Australian legal firms are experiencing unprecedented demand from people who have suffered alleged child sexual abuse in institutions such as churches, schools and youth groups after statute of limitations is lifted.

Tatiana Kostareva

The flurry of people coming forward to law firms follows revelations from the Royal Commission into Institutional Responses to Child Sexual Abuse and legal reforms which allow survivors to make a claim for damages regardless of when the abuse allegedly occurred. For example, Shine Lawyers received 61 inquiries about historical child sexual abuse in 2012, prior to the commencement of the Royal Commission in 2013 - compared with 730 inquiries last year, an increase of more than 1000 per cent. Similarly, law firm Maurice Blackburn has also experienced a surge in people exploring their legal options, with hundreds of new inquiries.

Coming forward in droves

After years of hearings, the child sex abuse royal commission is starting to finalise its work but survivors are coming forward in droves. A number of states, including New South Wales have scrapped the statute of limitations for civil action by child sexual abuse survivors, many of whom take decades to disclose.

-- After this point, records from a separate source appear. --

(* Let $\phi:V\to V$ be a continuous coherency preserver. Assume that $\phi$ is constant on some coherent line, i.e. on some line $a+\mathbb{R}x$ with $a\in V$ and $x\in V\setminus\{0\}$, $q(x)=0$. Then $\phi$ is degenerate.
   Context: Fix an integer $n\ge4$, let $V=\mathbb{R}^n$ with its standard topology and $q(x_1,\dots,x_n)=x_n^2-\sum_{k=1}^{n-1}x_k^2$. Points $x,y$ are coherent when $q(x-y)=0$. For $a\in V$, $\mathcal{C}(a)=\{m\in V: q(m-a)=0\}$. A coherency preserver is a map $\phi:V\to V$ such that $q(b-a)=0$ implies $q(\phi(b)-\phi(a))=0$; it is degenerate when its range is included in $\mathcal{C}(c)$ for some $c\in V$. *)

(* V = R^n is the row-vector space 'rV[R]_n
   over R : realType, with its canonical (product = standard) topology. *)
From HB Require Import structures.
From mathcomp Require Import all_boot all_order all_algebra.
From mathcomp Require Import all_classical all_reals all_analysis.
Set Implicit Arguments. Unset Strict Implicit. Unset Printing Implicit Defensive.
Import Order.TTheory GRing.Theory Num.Theory.
Import numFieldNormedType.Exports.
Local Open Scope ring_scope.
Local Open Scope classical_set_scope.

(* q(x) = x_n^2 - sum_{k=1}^{n-1} x_k^2 ; coordinate x_n is the index n.-1 (0-based) *)
Definition q (R : realType) (n : nat) (x : 'rV[R]_n) : R :=
  \sum_(i < n | nat_of_ord i == n.-1) x 0 i ^+ 2
  - \sum_(i < n | nat_of_ord i != n.-1) x 0 i ^+ 2.

Definition coherent (R : realType) (n : nat) (x y : 'rV[R]_n) : Prop :=
  q (x - y) = 0.

Definition cone (R : realType) (n : nat) (a : 'rV[R]_n) : set 'rV[R]_n :=
  [set m | q (m - a) = 0].

Definition coherency_preserver (R : realType) (n : nat)
  (phi : 'rV[R]_n -> 'rV[R]_n) : Prop :=
  forall a b : 'rV[R]_n, q (b - a) = 0 -> q (phi b - phi a) = 0.

Definition degenerate (R : realType) (n : nat)
  (phi : 'rV[R]_n -> 'rV[R]_n) : Prop :=
  exists c : 'rV[R]_n, range phi `<=` cone c.

From HB Require Import structures.
From mathcomp Require Import all_boot all_order all_algebra.
From mathcomp Require Import all_classical all_reals all_analysis.
From mathcomp Require Import ring.
Import Order.TTheory GRing.Theory Num.Theory.
Import numFieldNormedType.Exports.
Local Open Scope ring_scope.
Local Open Scope classical_set_scope.
Set Implicit Arguments. Unset Strict Implicit.

(* Let [phi] take the value [c] on the coherent line [a + R x]. A point [y] with
   [qbil (y - a) x != 0] is coherent with exactly one point of that line, since
   [q (y - a - t x)] is affine in [t] with nonzero slope; hence [phi y] lies on
   the cone [C(c)]. These points are dense (the polar form is nondegenerate), and
   [y |-> q (phi y - c)] is continuous, so [phi] maps everything into [C(c)]. *)

Section PolarForm.
Variables (R : realType) (n : nat).
Implicit Types (u v w : 'rV[R]_n) (t : R).

Definition qbil u v : R :=
  \sum_(i < n | nat_of_ord i == n.-1) u 0 i * v 0 i
  - \sum_(i < n | nat_of_ord i != n.-1) u 0 i * v 0 i.

Lemma q_addZ u v t : q (u + t *: v) = q u + 2 * t * qbil u v + t ^+ 2 * q v.
Proof.
have sumE (P : pred 'I_n) : \sum_(i | P i) ((u + t *: v) 0 i) ^+ 2 =
    \sum_(i | P i) u 0 i ^+ 2 + 2 * t * \sum_(i | P i) u 0 i * v 0 i
    + t ^+ 2 * \sum_(i | P i) v 0 i ^+ 2.
  rewrite !mulr_sumr -!big_split; apply: eq_bigr => i _; rewrite !mxE /=; ring.
by rewrite /q /qbil !sumE; ring.
Qed.

Lemma qbil_addZl u v w t : qbil (u + t *: v) w = qbil u w + t * qbil v w.
Proof.
have sumE (P : pred 'I_n) : \sum_(i | P i) (u + t *: v) 0 i * w 0 i =
    \sum_(i | P i) u 0 i * w 0 i + t * \sum_(i | P i) v 0 i * w 0 i.
  rewrite !mulr_sumr -!big_split; apply: eq_bigr => i _; rewrite !mxE /=; ring.
by rewrite /qbil !sumE; ring.
Qed.

(* The witness flips the signs of the space coordinates, turning [qbil] into
   the Euclidean inner product. *)
Lemma qbil_nondegenerate w : w != 0 -> exists v, qbil v w != 0.
Proof.
move=> w0; pose v := \row_j (if nat_of_ord j == n.-1 then w 0 j else - w 0 j).
exists v; have -> : qbil v w = \sum_j w 0 j ^+ 2.
  rewrite /qbil [RHS](bigID (fun j : 'I_n => nat_of_ord j == n.-1)) /=.
  rewrite -sumrN; congr (_ + _); apply: eq_bigr => i Hi; rewrite mxE ?Hi expr2 //.
  by rewrite (negbTE Hi) mulNr opprK.
apply: contra w0 => /eqP /psumr_eq0P w2_eq0; apply/eqP/rowP => j.
have /eqP := w2_eq0 (fun i _ => sqr_ge0 (w 0 i)) j isT.
by rewrite sqrf_eq0 mxE => /eqP.
Qed.

Lemma continuous_q : continuous (@q R n).
Proof.
have sq_continuous (P : pred 'I_n) :
    continuous (fun z : 'rV[R]_n => \sum_(i | P i) z 0 i ^+ 2).
  apply: continuous_big; first exact: add_continuous.
  move=> i _ z.
  exact: continuous_comp (@coord_continuous R 1 n 0 i z) (@exprn_continuous R 2 _).
by move=> y; apply: continuousB; apply: sq_continuous.
Qed.

Lemma continuous_q_subr c : continuous (fun v => q (v - c)).
Proof.
move=> v; have shift_cont : {for v, continuous (fun v : 'rV[R]_n => v - c)}.
  by apply: continuousB; [exact: cvg_id | exact: cst_continuous].
by have := continuous_comp shift_cont (@continuous_q _).
Qed.

Lemma coherent_with_isotropic_line a v w :
  q w = 0 -> qbil (v - a) w != 0 -> exists t, q (v - (a + t *: w)) = 0.
Proof.
move=> qw0 vw0; exists (q (v - a) / (2 * qbil (v - a) w)).
rewrite opprD addrA -scaleNr q_addZ qw0; field; exact: vw0.
Qed.

End PolarForm.

Lemma continuous_eq0_dnbhs (R : realType) (g : R -> R) :
  {for 0, continuous g} -> (\forall s \near 0^', g s = 0) -> g 0 = 0.
Proof.
move=> /continuous_withinNx g_cvg g0_near.
have g_cvg0 : g s @[s --> 0^'] --> 0 by apply: cvg_near_cst.
exact: esym (cvg_unique _ g_cvg0 g_cvg).
Qed.

Theorem proposition4p1 (R : realType) (n : nat) (phi : 'rV[R]_n -> 'rV[R]_n) :
  (4 <= n)%N ->
  continuous phi ->
  coherency_preserver phi ->
  (exists (a x : 'rV[R]_n) (c : 'rV[R]_n),
      x != 0 /\ q x = 0 /\ (forall t : R, phi (a + t *: x) = c)) ->
  degenerate phi.
Proof.
move=> _ phi_cont phi_coh [a [x [c [x0 [qx0 phi_line]]]]].
have on_cone y : qbil (y - a) x != 0 -> q (phi y - c) = 0.
  move=> /(coherent_with_isotropic_line qx0) [t yt].
  by rewrite -(phi_line t); apply: phi_coh.
exists c => _ [m _ <-]; rewrite /cone /=.
have [e ex0] := qbil_nondegenerate x0.
have [mx0|] := eqVneq (qbil (m - a) x) 0; last exact: on_cone.
pose g s := q (phi (m + s *: e) - c).
suff : g 0 = 0 by rewrite /g scale0r addr0.
apply: continuous_eq0_dnbhs.
  have line_cont : continuous (fun s : R => m + s *: e).
    by move=> s; apply: cvgD; [exact: cvg_cst | apply: cvgZr_tmp; exact: cvg_id].
  by have := continuous_comp (continuous_comp (line_cont 0) (phi_cont _))
    (@continuous_q_subr R n c _).
near=> s; apply: on_cone.
rewrite addrAC qbil_addZl mx0 add0r mulf_neq0 //.
near: s; exact: nbhs_dnbhs_neq.
Unshelve. all: by end_near.
Qed.
(* Let $(X,\le)$ be a partially ordered set, $(Y,\le)$ a dcpo and $j:X\to Y$ a map. The following are equivalent: (i) $(Y,j)$ is a directed completion of $X$; (ii) $j(X)$ is dense in $Y$ and for every $B\subset X$ such that $j(B)$ has a tip in $Y$, and every $a\in X$, we have $j(a)\in\widehat{j(B)}$ (closure in $Y$) if and only if $a\in\widehat B$ (closure in $X$).
   Context: Let $(X,\le)$ be a partially ordered set. A subset $D\subset X$ is directed if every finite subset of $D$ (including the empty one) has an upper bound in $D$; in particular directed sets are nonempty. $A\subset X$ is a lower set if $x\in A$ and $y\le x$ imply $y\in A$. $(X,\le)$ is a directed complete partial order (dcpo) if every directed subset has a supremum. A subset $A\subset X$ is directed-sup-closed if the supremum of every directed $D\subset A$ which has a supremum in $X$ belongs to $A$. For $A\subset X$, $\overline A$ is the smallest directed-sup-closed subset of $X$ containing $A$, and $\widehat A$ is the smallest subset of $X$ containing $A$ which is both a lower set and directed-sup-closed. $A$ is dense if $\overline A=X$. $A$ has a tip if $\overline A$ has a maximum. A map $T:X_1\to X_2$ between partially ordered sets has the Monotone Convergence Property (Mcp) if for every directed $D\subset X_1$ having a supremum, $T(D)$ has a supremum and $T(\sup D)=\sup T(D)$. A directed completion of $(X,\le)$ is a dcpo $(\overline X,\bar\le)$ together with a map $\iota:X\to\overline X$ with the Mcp such that for every dcpo $Z$ and every map $T:X\to Z$ with the Mcp there is a unique map $\bar T:\overline X\to Z$ with the Mcp satisfying $\bar T\circ\iota=T$. *)

From Stdlib Require Import List.

Section Defs.
Context {T : Type} (le : T -> T -> Prop).

Definition is_partial_order : Prop :=
  (forall x, le x x) /\
  (forall x y, le x y -> le y x -> x = y) /\
  (forall x y z, le x y -> le y z -> le x z).

Definition subset (A B : T -> Prop) : Prop := forall x, A x -> B x.

(* every finite subset (given as a list, possibly empty) has an upper bound in D *)
Definition directed (D : T -> Prop) : Prop :=
  forall l : list T, (forall x, In x l -> D x) ->
    exists z, D z /\ (forall x, In x l -> le x z).

Definition is_upper_bound (A : T -> Prop) (u : T) : Prop :=
  forall x, A x -> le x u.

Definition is_sup (A : T -> Prop) (s : T) : Prop :=
  is_upper_bound A s /\ (forall u, is_upper_bound A u -> le s u).

Definition is_dcpo : Prop :=
  is_partial_order /\
  (forall D, directed D -> exists s, is_sup D s).

Definition lower_set (A : T -> Prop) : Prop :=
  forall x y, A x -> le y x -> A y.

Definition dsup_closed (A : T -> Prop) : Prop :=
  forall D, subset D A -> directed D -> forall s, is_sup D s -> A s.

Definition dclosure (A : T -> Prop) : T -> Prop :=
  fun x => forall C, dsup_closed C -> subset A C -> C x.

(* \widehat A : smallest directed-sup-closed lower set containing A *)
Definition hat_closure (A : T -> Prop) : T -> Prop :=
  fun x => forall C, lower_set C -> dsup_closed C -> subset A C -> C x.

Definition dense (A : T -> Prop) : Prop := forall x, dclosure A x.

Definition has_tip (A : T -> Prop) : Prop :=
  exists m, dclosure A m /\ (forall y, dclosure A y -> le y m).

End Defs.

Definition image {A B : Type} (f : A -> B) (S : A -> Prop) : B -> Prop :=
  fun y => exists x, S x /\ f x = y.

Definition Mcp {X1 X2 : Type} (le1 : X1 -> X1 -> Prop) (le2 : X2 -> X2 -> Prop)
  (T : X1 -> X2) : Prop :=
  forall D s, directed le1 D -> is_sup le1 D s -> is_sup le2 (image T D) (T s).

Definition directed_completion {X Y : Type} (leX : X -> X -> Prop)
  (leY : Y -> Y -> Prop) (iota : X -> Y) : Prop :=
  is_dcpo leY /\ Mcp leX leY iota /\
  forall (Z : Type) (leZ : Z -> Z -> Prop), is_dcpo leZ ->
  forall T : X -> Z, Mcp leX leZ T ->
    exists Tb : Y -> Z, (Mcp leY leZ Tb /\ forall x, Tb (iota x) = T x) /\
      forall Tb' : Y -> Z, Mcp leY leZ Tb' -> (forall x, Tb' (iota x) = T x) ->
        forall y, Tb' y = Tb y.
(* Let $N\ge 3$ and $0\le t\le \frac1N$, and let $|\psi_{\vec t}\rangle=\sqrt{1-Nt}\,|00\cdots0\rangle+\sqrt t\,(|10\cdots0\rangle+|01\cdots0\rangle+\cdots+|00\cdots1\rangle)$ be an $N$-qubit state. The optimal LOCC success probability for randomly distilling $|\psi_{\vec t}\rangle$ into an EPR pair shared between party 1 and some other party $j\in\{2,\dots,N\}$ (all remaining parties in a product state) is at most $$1-\sqrt{1-4(N-1)t^2}.$$
   Context: An EPR pair between parties $i,j$ is a state local-unitarily equivalent to $\frac1{\sqrt2}(|00\rangle+|11\rangle)_{ij}$. The optimal success probability is the supremum over LOCC (local operations and classical communication) protocols acting on a single copy of the state of the total probability that, for some $j\in\{2,\dots,N\}$, the final state is an EPR pair between parties $1$ and $j$ with all other parties in a product state. *)

From HB Require Import structures.
From mathcomp Require Import all_boot all_order all_algebra.
From Stdlib Require Import ClassicalEpsilon.
Set Implicit Arguments. Unset Strict Implicit. Unset Printing Implicit Defensive.
Import Order.TTheory GRing.Theory Num.Theory.
Local Open Scope ring_scope.

Definition pdec (P : Prop) : bool :=
  if excluded_middle_informative P then true else false.

Section QState.
Variables (C : numClosedFieldType) (N D : nat).

(* computational basis of N parties, each with local dimension D *)
Definition basis := {ffun 'I_N -> 'I_D}.

(* (unnormalized) pure state: amplitude function on the basis *)
Definition state := basis -> C.

Definition upd (x : basis) (k : 'I_N) (a : 'I_D) : basis :=
  [ffun i => if i == k then a else x i].

(* apply the local operator M (a D x D matrix) to party k *)
Definition applyL (k : 'I_N) (M : 'M[C]_D) (psi : state) : state :=
  fun x => \sum_(a : 'I_D) M (x k) a * psi (upd x k a).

The commission held its final public hearing last week and will hand down its final report in December.

Pay outs

Figures released by the Royal Commission show the Catholic church paid $280 million in compensation to victims of alleged child sexual abuse between 1980-2015 and Anglican church dioceses have payments of just over $34 million in response to complaints over the same period. The Federal Government has announced a national redress scheme to compensate survivors to run for 10 years from 2018.